Das 60 galinhas poedeiras do casal, apenas oito sobreviveram. As vacas sobreviveram, mas não têm onde pastar na paisagem inundada.
"Se eu for avaliar tudo que eu perdi dentro de casa a perda é grande. Mas eu não perdi, eu estou viva, toda a família está viva", disse Edite à Reuters na manhã de um domingo frio no galpão onde ela, a família e vizinhos do assentamento buscaram abrigado.
"Eu não lamento muito não, eu agradeço, porque teve muitas perdas muito piores do que a minha. Eu agradeço por estar bem, por estar conseguindo sobreviver, e lamento pelas pessoas que perderam família", afirmou.
Durante as enchentes, Engelmann fez viagens diárias a pé, de trator e de barco para levar ao rebanho todo alimento que encontrava. Ele voltava encharcado todas as noites depois de percorrer as fazendas com amigos, ajudando a retirar o gado morto e cuidando dos sobreviventes.
Um vizinho encontrou um porco morto em seu quarto. Por toda parte, campos de arroz e outras plantações foram destruídos.
Depois de 10 dias, quando a água começou a baixar, Edite foi pela primeira vez ver a situação da casa que construiu e montou com muito sacrifício há 18 anos. Era hora de começar a limpar e reconstruir, e a família sabe o que significa isso.
A história do casal começa na década de 1980, em um acampamento em Cruz Alta, no centro do Rio Grande do Sul, onde nasceu o Movimento dos Trabalhadores Sem Terra (MST) no Brasil.
Na espera por um lote de terra, os dois casaram e tiveram filhos, até chegar ao assentamento em Eldorado, organizado pelo governo do Estado -- o terceiro assentamento da história do movimento no país -- junto com 30 outras famílias.
Ali são produzidos boa parte do arroz orgânico do MST, que ficou famoso no país, além de hortaliças, leite, ovos e suínos, em um patamar que permitiu às famílias um padrão de vida estável, com casas equipadas e filhos na universidade.
As inundações, no entanto, vão fazer com que tenham de começar tudo de novo.
"Eu já passei por isso quando a gente era acampado. A dificuldade de cozinhar, de dormir. Eu já aprendi a viver isso daí, mas não pensava que fosse voltar a fazer de novo", disse Edite.

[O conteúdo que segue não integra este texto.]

(* Let $(x_k)_{k\geq0}$ be a nonnegative, monotone nonincreasing sequence of real numbers, and let $G=\{k\geq 0: x_k/x_{k+1}<2\}$. Then for all $n\geq 0$, \[ \sum_{k\leq n} x_k \leq 3x_0 + 3\sum_{\substack{k\in G\\ k\leq n}} x_{k+1}. \] *)

From HB Require Import structures.
From mathcomp Require Import all_boot all_order all_algebra.
From mathcomp Require Import reals.
Set Implicit Arguments. Unset Strict Implicit. Unset Printing Implicit Defensive.

From HB Require Import structures.
From mathcomp Require Import all_boot all_order all_algebra.
From mathcomp Require Import reals.
From mathcomp Require Import lra.
Import Order.TTheory GRing.Theory Num.Theory.
Local Open Scope ring_scope.

(* Induct on the strengthened bound that carries an extra [2 x m] on the left
   and only [2 x 0] on the right.  Passing from [m] to [m+1] adds
   [x m + 2 x (m+1) - 2 x m = 2 x (m+1) - x m] to the left, which is at most
   [3 x (m+1)] when [m] is in [G] and nonpositive otherwise, since then
   [x (m+1) <= x m / 2]. *)

Lemma ler_mul_of_ler_div {R : realFieldType} {a b c : R} :
  0 <= b -> 0 < c -> c <= a / b -> c * b <= a.
Proof.
rewrite le_eqVlt => /predU1P[<- c_gt0|b_gt0 _]; last by rewrite ler_pdivlMr.
by rewrite invr0 mulr0 => /(lt_le_trans c_gt0); rewrite ltxx.
Qed.

Lemma twice_le_add_if_ratio_lt2 {R : realFieldType} {a b : R} :
  0 <= b -> b <= a -> 2 * b <= a + 3 * (if a / b < 2 then b else 0).
Proof.
move=> b_ge0 b_le_a; case: ifP => [_|ratio_ge2]; first lra.
have : 2 * b <= a by apply: ler_mul_of_ler_div; rewrite // leNgt ratio_ge2.
lra.
Qed.

Section NonincreasingSum.

Context {R : realFieldType} {x : nat -> R}.
Hypotheses (x_ge0 : forall k, 0 <= x k) (x_noninc : forall k, x k.+1 <= x k).

Lemma sum_add_twice_le m :
  \sum_(0 <= k < m) x k + 2 * x m <=
  2 * x 0%N + 3 * \sum_(0 <= k < m | x k / x k.+1 < 2) x k.+1.
Proof.
elim: m => [|m IH]; first by rewrite !big_geq // add0r mulr0 addr0.
rewrite big_nat_recr //= [X in _ <= _ + 3 * X]big_mkcond big_nat_recr //=.
rewrite -big_mkcond.
have := twice_le_add_if_ratio_lt2 (x_ge0 m.+1) (x_noninc m).
lra.
Qed.

End NonincreasingSum.

Theorem lemma2p4 (R : realType) (x : nat -> R)
  (x_ge0 : forall k, 0 <= x k)
  (x_noninc : forall k, x k.+1 <= x k) (n : nat) :
  \sum_(0 <= k < n.+1) x k <=
  3 * x 0%N + 3 * \sum_(0 <= k < n.+1 | x k / x k.+1 < 2) x k.+1.
Proof.
have := sum_add_twice_le x_ge0 x_noninc n.+1.
have := x_ge0 0%N; have := x_ge0 n.+1.
lra.
Qed.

Dados levantados pelo MST apontam que 170 famílias perderam toda a produção de frutas e hortaliças, com valor estimado em torno de 35 milhões de reais. Na produção de leite, a conta chega a 3 milhões de reais com perdas de animais, galpões, maquinário e leite não entregue.
Inácio Hoffmann, de 60 anos, um dos vizinhos mais próximos do casal, não teve a mesma sorte. Dos seus 22 animais, 13 morreram. Nos primeiros dias não conseguia falar do acontecido sem chorar.
"Falar é muito difícil, é muito recente. Eu tenho 60 anos, sou aposentado há quatro meses... faz um tempo que estava pensando em mudar. Talvez seja a hora", disse.
O cansaço está no rosto de todos. A limpeza das casas, o recolher dos animais mortos, contar os prejuízos das hortas e campos de arroz alagados e destruídos, as noites insones pelo frio e pela preocupação marcam o dia dos assentados.
Voltar, ninguém ainda conseguiu. Alguns, como Hoffmann, pensam em desistir. Outros, como Edite, estão determinados a prosseguir.
"Aos pouquinhos a gente vai voltando. Chegamos do nada. Voltamos para o nada e vamos começar de novo", disse.